There are many different ways that people would choose to describe “love”, many different emotions and actions used as evidence of it’s presence. I believe one of the most compelling signs is an ability to overlook those things that absolutely drive you insane.
I’m sure that many of you are nodding your heads right now, things immediately coming to mind that your spouse or loved one does. Things that you sometimes swear are being done purposefully because they know you hate it. Actions that couldn’t possibly serve any purpose but annoyance.
I’m finding that the same holds true with our children. The actions may change, the throwing of a dirty diaper turning to a wet towel on the bathroom floor, nose picking evolving into fingernail biting. Our annoyance levels may change, an eye roll and shake of the head one day, dirty looks and muttered profanities the next, but it’s always there, always something. The truth is that it’s near impossible to live with somebody for any length of time without discovering some idiosyncrasy or annoying habit.
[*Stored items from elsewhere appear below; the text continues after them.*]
Theorem lemma4p2 (R : realType) (T : finType) (e : rel T) (d : nat) :
  simple_graph e ->
  (2 * d + 1 <= #|T|)%N ->
  min_degree_eq e d ->
  (forall u v : T, u != v -> ~~ e u v -> (#|T| + d - 2 <= deg e u + deg e v)%N) ->
  rigid_in R e d.
Proof.
move=> [sym_e irr_e] n_ge [_ [u deg_u]] ore.
have [p gen_p] := exists_generic R T d.
exists p; split => // x motion_x t t01 v w.
case: d => [|m] in p gen_p x motion_x n_ge deg_u ore *; first by rewrite /sqdist !big_ord0.
have [aW [inj_aW aW_non]] := exists_inj_in (card_non_neighbours irr_e deg_u n_ge).
have card_N : (m.+1 <= #|neighbours e u|)%N by rewrite -degE deg_u.
have [aN [inj_aN aN_nbr]] := exists_inj_in card_N.
have pres_non := dists_preserved_clique motion_x (non_neighbours_clique sym_e irr_e ore deg_u).
have pres_NW := dists_preserved_setU gen_p motion_x inj_aW aW_non
  (fun z i zN => neighbours_non_neighbours_adj sym_e irr_e ore deg_u zN (aW_non i)) pres_non.
have aN_NW i : aN i \in neighbours e u :|: non_neighbours e u.
  by rewrite finset.in_setU aN_nbr.
have adj_u i : e u (aN i) by rewrite -in_neighbours.
have := dists_preserved_setU1 gen_p motion_x inj_aN aN_NW adj_u pres_NW.
by rewrite setU1_neighbours_non_neighbours => /(_ t t01 v w); apply; rewrite finset.in_setT.
Qed.
(* Let $K(1,3)$ be the Kolakoski sequence over $\{1,3\}$ and let $B_n$ ($n\ge1$) be as defined in the context. Then for all $n\ge 1$: (i) $B_n$ is the prefix of $K(1,3)$ of length $|B_n|$; (ii) $B_{n+1}=\mathcal{G}(R(B_n),1)$. Consequently $K(1,3)=\lim_{n\to\infty}B_n$.
   Context: $K(1,3)$ is the unique infinite sequence over the alphabet $\{1,3\}$ beginning with $1$ that equals its own run-length encoding, i.e. the sequence of lengths of its maximal runs of equal symbols is the sequence itself ($K(1,3)=1\,3\,3\,3\,1\,1\,1\,3\,3\,3\,1\,3\dots$). Generation operator: for a finite vector $R=\langle r_1,\dots,r_m\rangle$ of positive integers and $s\in\{1,3\}$, $\mathcal{G}(R,s)= s^{r_1}\,(4-s)^{r_2}\,s^{r_3}\cdots$ (the $i$-th run consists of $r_i$ copies of $s$ if $i$ is odd and of $4-s$ if $i$ is even), of length $\sum_i r_i$. For a finite word $W$ over $\{1,3\}$, $R(W)$ denotes $W$ itself regarded as a vector of positive integers. Define $B_1=\mathcal{G}(\langle 1,3,3,3,1\rangle,1)=1\,3\,3\,3\,1\,1\,1\,3\,3\,3\,1$, $P_1=3$, and for $n\ge1$: $B_{n+1}=B_n\,P_n\,B_n$ (concatenation), $P_{n+1}=\mathcal{G}(R(P_n),3)$. The limit $\lim B_n$ is meaningful since each $B_n$ is a prefix of $B_{n+1}$. *)

From mathcomp Require Import all_boot.
Set Implicit Arguments. Unset Strict Implicit. Unset Printing Implicit Defensive.

(* Infinite sequences over nat are functions nat -> nat (0-indexed). *)

(* start position of the i-th maximal run (0-indexed) when the run lengths
   are given by k itself: s_i = k 0 + ... + k (i-1). *)
Definition run_start (k : nat -> nat) (i : nat) : nat := \sum_(j < i) k j.

(* k is K(1,3): over {1,3}, begins with 1, and its sequence of maximal run
   lengths is k itself, i.e. the i-th maximal run occupies positions
   [run_start k i, run_start k (i+1)) (of length k i), is constant there, and
   the next run carries a different symbol (maximality). *)
Definition is_K13 (k : nat -> nat) : Prop :=
  [/\ forall p, k p = 1 \/ k p = 3,
      k 0 = 1 &
      forall i,
        (forall p, run_start k i <= p < run_start k i.+1 -> k p = k (run_start k i))
        /\ k (run_start k i.+1) <> k (run_start k i)].

(* Generation operator G(R, s): runs r_1, r_2, ... alternating s, 4-s, s, ... *)
Fixpoint gen (R : seq nat) (s : nat) : seq nat :=
  match R with
  | [::] => [::]
  | r :: R' => nseq r s ++ gen R' (4 - s)
  end.

(* BP n = (B_{n+1}, P_{n+1}). *)
Fixpoint BP (n : nat) : seq nat * seq nat :=
  match n with
  | 0 => (gen [:: 1; 3; 3; 3; 1] 1, [:: 3])
  | n'.+1 => let (b, p) := BP n' in (b ++ p ++ b, gen p 3)
  end.

(* B n = B_n for n >= 1 (B 0 is a junk value equal to B_1). *)
Definition B (n : nat) : seq nat := (BP n.-1).1.
Definition P (n : nat) : seq nat := (BP n.-1).2.

From mathcomp Require Import all_boot.
From mathcomp Require Import zify.

(* Since the generation operator alternates the two symbols, G(X ++ Y, s)
   is G(X, s) followed by G(Y, s') where s' depends only on the parity of
   |X|.  Every B_n and P_n has odd length and P_n consists of odd letters,
   so G(B_n P_n B_n, 1) = G(B_n, 1) G(P_n, 3) G(B_n, 1) = B_{n+1} P_{n+1}
   B_{n+1}, which gives (ii) by induction.  Because K(1,3) is its own
   run-length encoding, G(w, 1) is a prefix of K(1,3) whenever w is; as
   B_1 = G(1 3 3 3 1, 1) and 1 3 3 3 1 is a prefix of G(G(1 3, 1), 1), this
   gives (i).  Finally |B_n| grows without bound. *)

Lemma size_gen R s : size (gen R s) = sumn R.
Proof. by elim: R s => [|r R IH] s //=; rewrite size_cat size_nseq IH. Qed.

Lemma gen_cat X Y s : s <= 4 ->
  gen (X ++ Y) s = gen X s ++ gen Y (if odd (size X) then 4 - s else s).
Proof.
elim: X s => [|x X IH] s s_le4 //=.
rewrite IH; last lia.
rewrite -catA; congr (_ ++ (_ ++ _)).
by case: (odd (size X)) => //=; congr gen; lia.
Qed.

Lemma all_odd_gen R s : odd s -> s <= 4 -> all odd (gen R s).
Proof.
elim: R s => [|r R IH] s odd_s s_le4 //=.
rewrite all_cat IH; [|by rewrite oddB // odd_s | lia].
by rewrite andbT; apply/allP => x /nseqP [-> _].
Qed.

Lemma odd_sumn (p : seq nat) : all odd p -> odd (sumn p) = odd (size p).
Proof.
by elim: p => [|x p IH] //= /andP [odd_x /IH odd_sum]; rewrite oddD odd_x odd_sum.
Qed.

Lemma B_rec n : B n.+2 = B n.+1 ++ P n.+1 ++ B n.+1.
Proof. by rewrite /B /P /=; case: (BP n). Qed.

Lemma P_rec n : P n.+2 = gen (P n.+1) 3.
Proof. by rewrite /P /=; case: (BP n). Qed.

Lemma odd_P n : all odd (P n.+1) && odd (size (P n.+1)).
Proof.
elim: n => [|n /andP [oddP odd_sizeP]] //.
by rewrite P_rec all_odd_gen // size_gen odd_sumn.
Qed.

Lemma odd_size_B n : odd (size (B n.+1)).
Proof.
elim: n => [|n IH] //.
have /andP [_ odd_sizeP] := odd_P n.
by rewrite B_rec !size_cat !oddD IH odd_sizeP.
Qed.

Lemma gen_B n : gen (B n.+1) 1 = B n.+2.
Proof.
elim: n => [|n IH] //.
have /andP [_ odd_sizeP] := odd_P n.
rewrite B_rec gen_cat // odd_size_B gen_cat // odd_sizeP /=.
by rewrite IH (B_rec n.+1) P_rec.
Qed.

Lemma size_B n : n < size (B n.+1).
Proof. by elim: n => [|n IH] //; rewrite B_rec !size_cat; lia. Qed.

Definition prefix_of (k : nat -> nat) (w : seq nat) : Prop :=
  forall i, i < size w -> nth 0 w i = k i.

Lemma prefix_ofE k w : prefix_of k w -> w = mkseq k (size w).
Proof.
move=> w_pref; apply: (@eq_from_nth _ 0); first by rewrite size_mkseq.
by move=> i lt_i; rewrite nth_mkseq // w_pref.
Qed.

Lemma prefix_of_take k w m : prefix_of k w -> prefix_of k (take m w).
Proof.
move=> w_pref i; rewrite size_take.
by case: (ltnP m (size w)) => lt_mw lt_i; rewrite nth_take ?w_pref //; lia.
Qed.

Section SelfGeneration.

Variable k : nat -> nat.
Hypothesis k_13 : forall p, k p = 1 \/ k p = 3.
Hypothesis k0 : k 0 = 1.
Hypothesis k_runs : forall i,
  (forall p, run_start k i <= p < run_start k i.+1 -> k p = k (run_start k i))
  /\ k (run_start k i.+1) <> k (run_start k i).

Lemma run_startS i : run_start k i.+1 = run_start k i + k i.
Proof. by rewrite /run_start big_ord_recr. Qed.

Lemma k_run_start i : k (run_start k i) = if odd i then 3 else 1.
Proof.
elim: i => [|i IH]; first by rewrite /run_start big_ord0.
have [_ next_neq] := k_runs i.
rewrite /=; case: (odd i) IH next_neq => /= IH;
  by case: (k_13 (run_start k i.+1)); lia.
Qed.

Lemma run_nseq i :
  map k (iota (run_start k i) (k i)) = nseq (k i) (if odd i then 3 else 1).
Proof.
rewrite -[in nseq _ _](size_iota (run_start k i) (k i)) -(size_map k).
apply/all_pred1P; rewrite all_map; apply/allP => p /=.
rewrite mem_iota -run_startS -k_run_start => in_run.
by apply/eqP; apply: (proj1 (k_runs i)).
Qed.

Lemma gen_mkseq m : gen (mkseq k m) 1 = mkseq k (run_start k m).
Proof.
elim: m => [|m IH]; first by rewrite /run_start big_ord0.
rewrite mkseqS -cats1 gen_cat // size_mkseq IH /= cats0.
rewrite run_startS /mkseq iotaD map_cat run_nseq.
by case: (odd m).
Qed.

Lemma prefix_of_gen w : prefix_of k w -> prefix_of k (gen w 1).
Proof.
move=> /prefix_ofE ->; rewrite gen_mkseq => i.
by rewrite size_mkseq => lt_i; rewrite nth_mkseq.
Qed.

Lemma prefix_of_13 : prefix_of k [:: 1; 3].
Proof.
have [_ k1_neq] := k_runs 0.
move: k1_neq; rewrite /run_start big_ord1 big_ord0 k0 => k1_neq.
by case=> [|[|i]] //= _; case: (k_13 1) k1_neq.
Qed.

Lemma prefix_of_B n : prefix_of k (B n.+1).
Proof.
elim: n => [|n IH]; last by rewrite -gen_B; apply: prefix_of_gen.
have -> : B 1 = gen (take 5 (gen (gen [:: 1; 3] 1) 1)) 1 by [].
by apply/prefix_of_gen/prefix_of_take/prefix_of_gen/prefix_of_gen/prefix_of_13.
Qed.

End SelfGeneration.

Theorem theorem4p1 (k : nat -> nat) :
  is_K13 k ->
  (forall n, 1 <= n ->
     (forall i, i < size (B n) -> nth 0 (B n) i = k i)
     /\ B n.+1 = gen (B n) 1)
  /\ (forall i, exists N, forall n, N <= n ->
        i < size (B n) /\ nth 0 (B n) i = k i).
Proof.
move=> [k_13 k0 k_runs]; split.
  by case=> [|n] // _; split; [exact: prefix_of_B | rewrite gen_B].
move=> i; exists i.+1; case=> [|n] // le_in.
have lt_i : i < size (B n.+1) by have := size_B n; lia.
by split; last exact: prefix_of_B.
Qed.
I would never be so bold (foolish) as to publicly discuss any of my wife’s annoying traits, should she one day develop some, and I give the teenager enough reason to be mad at me already, but Alaina’s reading comprehension still hasn’t progressed much beyond DOG and CAT, so I’m going to stick with her for now.
Every morning when she puts on her shoes it’s an exercise in anger management, a test of patience that I don’t always manage to pass.
It’s not the actual insertion of her feet into the shoes, this she does quickly and effectively. It’s the act of velcroing. This needs to be done about a dozen times, with test steps sometimes in between, until she is completely satisfied that both sides have achieved the exact same level of tightness. If there is even a fractional discrepancy they must be redone. Any effort to usher her out the door before they are symmetrically snug ends in tears.
What I’d never noticed before, what has never been pointed out to me by anyone, is that while impatiently waiting for her to be ready to leave this morning I tied my shoes three times. I tied them four more times while I was at the gym. Seven times in a two hour period I bent down and tightened my laces.
Alaina is old enough now that if she had noticed I do this it would have been mentioned at least one of the times I stood in the doorway yelling “they’re fine, let’s go!” Is it something subconscious, a subliminal suggestion placed there by her father’s weird actions? Or does this go deeper, passed along genetically with my organizational quirks and devilish good looks?
Whatever the answer, I’ll try my best to be more patient tomorrow. It’s important to remember that whether by nature or by nurture, we created these little monsters and have only ourselves to blame for how they come out.
As far as your spouses go, I don’t have any advice . You picked them.